As part of the Data Pipeline series, in part one and two of the series, we talked about data pipeline and components of data pipeline. The third part deals with types of data pipelines.
The type of data pipeline is related to the need for fresh data. Data pipeline types are traditional (batch) and real-time. Data pipeline types also define the architecture and underlying technology.
Traditional (Batch) data pipeline
Traditionally, data consumption is for business intelligence and data analytics. The metrics used in business intelligence reports and analytics rely on previous data or data that was generated a few hours earlier.

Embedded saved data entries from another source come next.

(* Let $K\subset\mathbb{R}^d$ be a convex body (not necessarily centrally symmetric). Let $\mathcal{K}=\{o_i+\tau_iK: i=1,\dots,n\}$ with $o_i\in\mathbb{R}^d$ and $\tau_1,\dots,\tau_n>0$ be a non-separable family of positive homothetic copies of $K$. Then there is a translate of $\frac{d+1}{2}\left(\sum_{i=1}^n\tau_i\right)K$ that covers $\bigcup\mathcal{K}$.
   Context: A convex body is a compact convex set with nonempty interior. A family $\mathcal{K}$ of convex bodies in $\mathbb{R}^d$ is called non-separable if every hyperplane $H$ that intersects $\operatorname{conv}\bigcup\mathcal{K}$ intersects some member of $\mathcal{K}$. *)

From Stdlib Require Import Reals.
From mathcomp Require Import all_boot.

Set Implicit Arguments.
Unset Strict Implicit.
Unset Printing Implicit Defensive.

Local Open Scope R_scope.

Definition vec (d : nat) := 'I_d -> R.

Definition vadd {d} (x y : vec d) : vec d := fun i => x i + y i.
Definition vsub {d} (x y : vec d) : vec d := fun i => x i - y i.
Definition vscale {d} (t : R) (x : vec d) : vec d := fun i => t * x i.

Definition dot {d} (x y : vec d) : R := \big[Rplus/0]_(i < d) (x i * y i).
Definition vnorm {d} (x : vec d) : R := sqrt (dot x x).

Definition ball {d} (c : vec d) (r : R) : vec d -> Prop :=
  fun x => vnorm (vsub x c) < r.

Definition is_open {d} (S : vec d -> Prop) : Prop :=
  forall x, S x -> exists r, 0 < r /\ forall y, ball x r y -> S y.
Definition is_closed {d} (S : vec d -> Prop) : Prop :=
  is_open (fun x => ~ S x).
Definition bounded {d} (S : vec d -> Prop) : Prop :=
  exists M, forall x, S x -> vnorm x <= M.
(* Compact subsets of R^d (Heine--Borel). *)
Definition compact {d} (S : vec d -> Prop) : Prop := is_closed S /\ bounded S.

Definition convex {d} (S : vec d -> Prop) : Prop :=
  forall x y t, S x -> S y -> 0 <= t <= 1 ->
    S (vadd (vscale t x) (vscale (1 - t) y)).
Lemma first_occ_inj (i k : 'I_N) :
  first_occ i -> first_occ k -> f i = f k -> i = k.
Proof.
move=> /forallP Hi /forallP Hk Hik; apply: val_inj => /=.
case: (ltngtP i k) => // H.
  by have := Hk i => /implyP/(_ H); rewrite Hik eqxx.
by have := Hi k => /implyP/(_ H); rewrite Hik eqxx.
Qed.

Lemma rank_lt (j k : 'I_N) : f j < f k -> (rank j < rank k)%nat.
Proof.
move=> Hjk; apply: proper_card; apply/properP; split.
  apply/fintype.subsetP => i; rewrite !inE => /andP[Hi ->]; rewrite andbT.
  exact: lt_trans Hi Hjk.
case: (first_occ_exists j) => i0 /andP[Hr /eqP He].
by exists i0; rewrite inE He ?Hjk ?Hr ?ltxx.
Qed.

Lemma rank_inj (j k : 'I_N) : rank j = rank k -> f j = f k.
Proof.
move=> Hrk; case: (ltgtP (f j) (f k)) => // /rank_lt; by rewrite Hrk ltnn.
Qed.

Lemma sum_rank : \sum_(j : 'I_N) rank j =
  #|[set p : 'I_N * 'I_N | (f p.2 < f p.1) && first_occ p.2]|.
Proof.
under eq_bigr => j _ do rewrite /rank -sum1_card.
rewrite (pair_big_dep xpredT
  (fun j i : 'I_N => i \in [set i : 'I_N | (f i < f j) && first_occ i])) /=.
by rewrite -sum1_card; apply: eq_bigl => p; rewrite !inE.
Qed.

End Rank.

Section GapCounting.
Variables (A : seq R) (e : R) (n : nat) (a : nat -> R).
Hypothesis e_sq : e * e = 1.
Hypothesis a_pos : forall i, (i < n)%nat -> 0 < a i.
Hypothesis a_incr : forall i j, (i < j)%nat -> (j < n)%nat -> a i < a j.
Hypothesis a_in : forall i, (i < n)%nat -> e * a i \in A.

Let N := n.-1.

Definition gap (i : nat) := a i.+1 - a i.
Definition ratio (i : nat) := a i.+1 / a i.

Lemma sign_neq0 : e != 0.
Proof. by apply: contra_eq_neq e_sq => ->; rewrite mul0r eq_sym oner_eq0. Qed.

Lemma gap_end_index (i : 'I_N) : (i.+1 < n)%nat.
Proof. by have := ltn_ord i; rewrite /N; lia. Qed.

Lemma gap_start_index (i : 'I_N) : (i < n)%nat.
Proof. exact: ltnW (gap_end_index i). Qed.

Lemma gap_pos (i : 'I_N) : 0 < gap i.
Proof. by rewrite subr_gt0; apply: a_incr (gap_end_index i). Qed.

Lemma ratio_gt1 (i : 'I_N) : 1 < ratio i.
Proof.
by rewrite ltr_pdivlMr ?mul1r ?a_pos ?gap_start_index //; apply: a_incr (gap_end_index i).
Qed.

Lemma gap_interval_unique (j k : 'I_N) z :
  a j < z < a j.+1 -> a k < z < a k.+1 -> j = k.
Proof.
have a_le : forall i l : 'I_N, (i < l)%nat -> a i.+1 <= a l.
  move=> i l Hil; have [<-//|Hlt] := eqVneq i.+1 l.
  by apply/ltW/a_incr; [lia | exact: gap_start_index].
move=> /andP[H1 H2] /andP[H3 H4]; apply: val_inj => /=.
by case: (ltngtP j k) => // /a_le ?; exfalso; lra.
Qed.

Lemma gap_ratio_inj (j k : 'I_N) : gap j = gap k -> ratio j = ratio k -> j = k.
Proof.
move=> Hd Hr.
have Pj := a_pos (gap_start_index j); have Pk := a_pos (gap_start_index k).
have cross : a j.+1 * a k = a k.+1 * a j.
  by apply/eqP; rewrite -eqr_div ?(gt_eqF Pj) ?(gt_eqF Pk) //; apply/eqP.
have Ej : a j.+1 = gap j + a j by rewrite /gap; ring.
have Ek : a k.+1 = gap j + a k by rewrite Hd /gap; ring.
rewrite Ej Ek in cross.
have Dp := gap_pos j.
have Eq : a k = a j by nra.
apply: val_inj => /=; case: (ltngtP j k) => // H.
  by have := a_incr H (gap_start_index k); rewrite Eq ltxx.
by have := a_incr H (gap_start_index j); rewrite Eq ltxx.
Qed.

(* a_j + d_i, for d_i < d_j, lies in the j-th interval and is e times an
   element of A+A-A. *)
Lemma sum_rank_gap_le : (\sum_(j : 'I_N) rank gap j <= size (sum_diff A))%nat.
Proof.
rewrite sum_rank.
apply: (card_le_size_of_inj (f := fun p : 'I_N * 'I_N => e * (a p.1 + gap p.2))).
- exact: undup_uniq.
- move=> [j i] [k l]; rewrite !inE /= => /andP[Hp1 Hp2] /andP[Hq1 Hq2].
  move=> /(mulfI sign_neq0) Heq.
  have Ejk : j = k.
    have := gap_pos i; have := gap_pos l; rewrite /gap in Hp1 Hq1 Heq * => ? ?.
    by apply: (gap_interval_unique (z := a j + (a i.+1 - a i))); apply/andP; split; lra.
  subst k; have Eil : gap i = gap l by lra.
  by rewrite (first_occ_inj Hp2 Hq2 Eil).
- move=> [j i] _ /=.
  have -> : e * (a j + gap i) = e * a j + e * a i.+1 - e * a i by rewrite /gap; ring.
  by apply: mem_sum_diff; apply: a_in; rewrite ?gap_end_index ?gap_start_index.
Qed.

(* a_j * r_i, for r_i < r_j, lies in the j-th interval and is e times an
   element of AA/A. *)
Lemma sum_rank_ratio_le : (\sum_(j : 'I_N) rank ratio j <= size (prod_quot A))%nat.
Proof.
rewrite sum_rank.
apply: (card_le_size_of_inj (f := fun p : 'I_N * 'I_N => e * (a p.1 * ratio p.2))).
- exact: undup_uniq.
- move=> [j i] [k l]; rewrite !inE /= => /andP[Hp1 Hp2] /andP[Hq1 Hq2].
  move=> /(mulfI sign_neq0) Heq.
  have inside : forall j' i' : 'I_N, ratio i' < ratio j' ->
      a j' < a j' * ratio i' < a j'.+1.
    move=> j' i' Hri; have Pj := a_pos (gap_start_index j'); have := ratio_gt1 i'.
    have -> : a j'.+1 = a j' * ratio j' by rewrite /ratio mulrC divfK // gt_eqF.
    by move=> ?; apply/andP; split; nra.
  have Ejk : j = k.
    by apply: (gap_interval_unique (inside _ _ Hp1)); rewrite Heq; apply: inside.
  subst k; have Pj := a_pos (gap_start_index j).
  have Eil : ratio i = ratio l by apply: (mulfI (x := a j)); rewrite ?gt_eqF.
  by rewrite (first_occ_inj Hp2 Hq2 Eil).
- move=> [j i] _ /=.
  have Pi := a_pos (gap_start_index i).
  have Einv : e^-1 = e by apply: (mulfI sign_neq0); rewrite mulfV ?sign_neq0 // e_sq.
  have -> : e * (a j * ratio i) = (e * a j) * (e * a i.+1) / (e * a i).
    rewrite /ratio invfM Einv.
    transitivity ((e * e) * (e * (a j * (a i.+1 / a i)))); first by rewrite e_sq mul1r.
    by ring.
  by apply: mem_prod_quot; apply: a_in; rewrite ?gap_end_index ?gap_start_index.
Qed.

Lemma gap_count (w : nat) :
  (w * (n.-1 - w * w) <= size (sum_diff A) + size (prod_quot A))%nat.
Proof.
pose phi := fun j : 'I_N => (rank gap j, rank ratio j).
have phi_inj : injective phi.
  by move=> j k [/rank_inj Hd /rank_inj Hr]; exact: gap_ratio_inj.
have := sum_coords_lower_bound w phi_inj; rewrite card_ord big_split /=.
move/leq_trans; apply; exact: leq_add sum_rank_gap_le sum_rank_ratio_le.
Qed.

End GapCounting.

Lemma half_same_sign (A : seq R) : uniq A -> (forall a, a \in A -> a != 0) ->
  exists (e : R) (S : seq R), [/\ e * e = 1, uniq S, (forall x, x \in S -> 0 < x),
    (forall x, x \in S -> e * x \in A) & (size A <= 2 * size S)%nat].
Proof.
move=> UA HA.
pose P := [seq x <- A | 0 < x]; pose Q := [seq x <- A | x < 0].
have HPQ : (size P + size Q)%nat = size A.
  rewrite !size_filter -(count_predC (fun x : R => 0 < x) A); congr addn.
  apply: eq_in_count => x /HA Hx /=.
  by rewrite ltNge le_eqVlt eq_sym (negbTE Hx).
case: (leqP (size Q) (size P)) => H.
  exists 1, P; split; rewrite ?mulr1 ?filter_uniq //.
  - by move=> x; rewrite mem_filter => /andP[].
  - by move=> x; rewrite mem_filter mul1r => /andP[].
  - by rewrite -HPQ mul2n -addnn leq_add2l.
exists (-1), (map -%R Q); split.
- by rewrite mulrNN mulr1.
- by rewrite map_inj_uniq ?filter_uniq //; exact: oppr_inj.
- by move=> x /mapP[y]; rewrite mem_filter => /andP[Hy _] ->; rewrite oppr_gt0.
- by move=> x /mapP[y]; rewrite mem_filter => /andP[_ Hy] ->; rewrite mulN1r opprK.
- by rewrite size_map -HPQ mul2n -addnn leq_add2r ltnW.
Qed.

Lemma sorted_enumeration (d : Order.disp_t) (T : orderType d) (x0 : T) (S : seq T) :
  uniq S ->
  let a := fun i => nth x0 (sort <=%O S) i in
  (forall i, (i < size S)%nat -> a i \in S) /\
  (forall i j, (i < j)%nat -> (j < size S)%nat -> (a i < a j)%O).
Proof.
move=> US a; have Hsz : size (sort <=%O S) = size S by rewrite size_sort.
split=> [i Hi | i j Hij Hj]; first by rewrite -(mem_sort <=%O) mem_nth // Hsz.
have sorted_S : sorted <%O (sort <=%O S) by rewrite sort_lt_sorted.
apply: (sorted_ltn_nth lt_trans x0 sorted_S); rewrite // inE Hsz //.
exact: ltn_trans Hj.
Qed.

Lemma sqrt_bracket (N : nat) : exists w, (4 * w * w <= N < 4 * w.+1 * w.+1)%nat.
Proof.
elim: N => [|N [w /andP[H1 H2]]]; first by exists 0%nat.
by case: (leqP (4 * w.+1 * w.+1) N.+1) => H; [exists w.+1 | exists w]; lia.
Qed.

(* Optimizing the inequality w (N - w^2) <= K over w (w ~ sqrt N / 2) gives
   N^3 <= 22 K^2 (the hypothesis N <= K only matters for tiny N). *)
Lemma cube_bound (N K : nat) : (N <= K)%nat ->
  (forall w, w * (N - w * w) <= K)%nat -> (N * (N * N) <= 22 * (K * K))%nat.
Proof.
move=> HNK HK; have [w /andP[Hlo Hhi]] := sqrt_bracket N.
have Nw_le : (3 * N * w <= 4 * K)%nat.
  have := HK w; have : (3 * N <= 4 * (N - w * w))%nat by lia.
  move=> H3 Hw; have := leq_mul H3 (leqnn w); nia.
have Nw1_le : (3 * N * w.+1 <= 7 * K)%nat by lia.
have N2w2_le : (9 * (N * N) * (w.+1 * w.+1) <= 49 * (K * K))%nat.
  by have := leq_mul Nw1_le Nw1_le; nia.
nia.
Qed.

(* Transfers the cube bound from the positive half (of size m) back to the
   whole set (of size n <= 2 m). *)
Lemma cube_from_half (n m M : nat) : (2 <= n)%nat -> (n <= M)%nat ->
  (n <= 2 * m)%nat -> (m <= n)%nat ->
  (m.-1 * (m.-1 * m.-1) <= 22 * (2 * M * (2 * M)))%nat ->
  (n * (n * n) <= 91 * M * (91 * M))%nat.
Proof.
case: m => [|[|N]] /= Hn HnM Hnm Hmn Hcube; first lia.
  have -> : n = 2%nat by lia.
  have : (2 * 2 <= M * M)%nat by apply: leq_mul; lia.
  lia.
have HnN : (n <= 4 * N.+1)%nat by lia.
have := leq_mul HnN (leq_mul HnN HnN); move/leq_trans; apply; nia.
Qed.

Lemma cube_le_max_sq (A : seq R) : uniq A -> (forall a, a \in A -> a != 0) ->
  (2 <= size A)%nat ->
  (size A * (size A * size A) <=
    91 * maxn (size (sum_diff A)) (size (prod_quot A)) *
    (91 * maxn (size (sum_diff A)) (size (prod_quot A))))%nat.
Proof.
move=> UA HA Hn; set M := maxn _ _.
have [e [S [He US Spos SA HnS]]] := half_same_sign UA HA.
have [a_in_S a_incr] := sorted_enumeration 0 US.
have Hgap := gap_count He (fun i Hi => Spos _ (a_in_S i Hi)) a_incr
  (fun i Hi => SA _ (a_in_S i Hi)).
have HnM : (size A <= M)%nat.
  apply: leq_trans (leq_maxl _ _); apply: uniq_leq_size => // x Hx.
  by rewrite -[x](addrK x); apply: mem_sum_diff.
have HSn : (size S <= size A)%nat.
  rewrite -(size_map ( *%R e)); apply: uniq_leq_size.
    by rewrite map_inj_uniq //; apply: mulfI; apply: sign_neq0 He.
  by move=> y /mapP[x Hx ->]; apply: SA.
have Hsum : forall w, (w * ((size S).-1 - w * w) <= 2 * M)%nat.
  move=> w; apply: leq_trans (Hgap w) _.
  by rewrite mul2n -addnn leq_add ?leq_maxl ?leq_maxr.
have HSM : ((size S).-1 <= 2 * M)%nat by lia.
have Hcube := cube_bound HSM Hsum.
exact: cube_from_half Hn HnM HnS HSn Hcube.
Qed.

(* ln |A| >= ln 2 > 0 lets the logarithmic factor be absorbed in the constant. *)
Lemma ln2_gt0 : 0 < ln 2%:R.
Proof.
have one_lt_two : Rlt 1 2%:R by apply/RltP; rewrite ltr1n.
by have := ln_increasing 1 2%:R Rlt_0_1 one_lt_two; rewrite ln_1 => /RltP.
Qed.

Lemma ln_ge_ln2 (n : nat) : (2 <= n)%nat -> ln 2%:R <= ln n%:R.
Proof.
rewrite leq_eqVlt => /orP[/eqP <- // | Hn].
by apply/ltW/RltP; apply: ln_increasing; apply/RltP; rewrite ?ltr_nat.
Qed.

Lemma pow32_le_of_cube (n C M : nat) : (n * (n * n) <= C * M * (C * M))%nat ->
  n%:R `^ (3%:R / 2%:R) <= (C * M)%:R :> R.
Proof.
move=> Hcube; set X := n%:R `^ _.
have X_sq : X ^+ 2 = n%:R ^+ 3.
  rewrite -powR_mulrn ?powR_ge0 // /X -powRrM.
  have -> : (3%:R / 2%:R : R) * 2%:R = 3%:R by rewrite divfK // pnatr_eq0.
  by rewrite powR_mulrn.
rewrite -(ler_pXn2r (isT : (0 < 2)%nat)) ?nnegrE ?powR_ge0 // X_sq.
by rewrite -!natrX ler_nat !expnS expn0 !muln1.
Qed.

Thus, the data pipeline used for these consumers is a Batch Data Pipeline. As part of the batch process, data is periodically collected, loaded, and transformed at a specified time – could be once or more than once a day. Thus, the architecture and the technologies used for this data pipeline need to:
- Process large amounts of data
- Normally the batch jobs are executed when there is not much activity going on in the source system
- Flexibility on failures. There are options to rerun based on failure type and time allocation
Traditional Data Pipeline use case
A large retailer(with online and brick and mortar presence) has infrastructure on AWS and uses Snowflake
as their centralized data warehouse that receives data from various systems, including their online store transactional data, physical stores legacy POS system, and the web clicks from their website.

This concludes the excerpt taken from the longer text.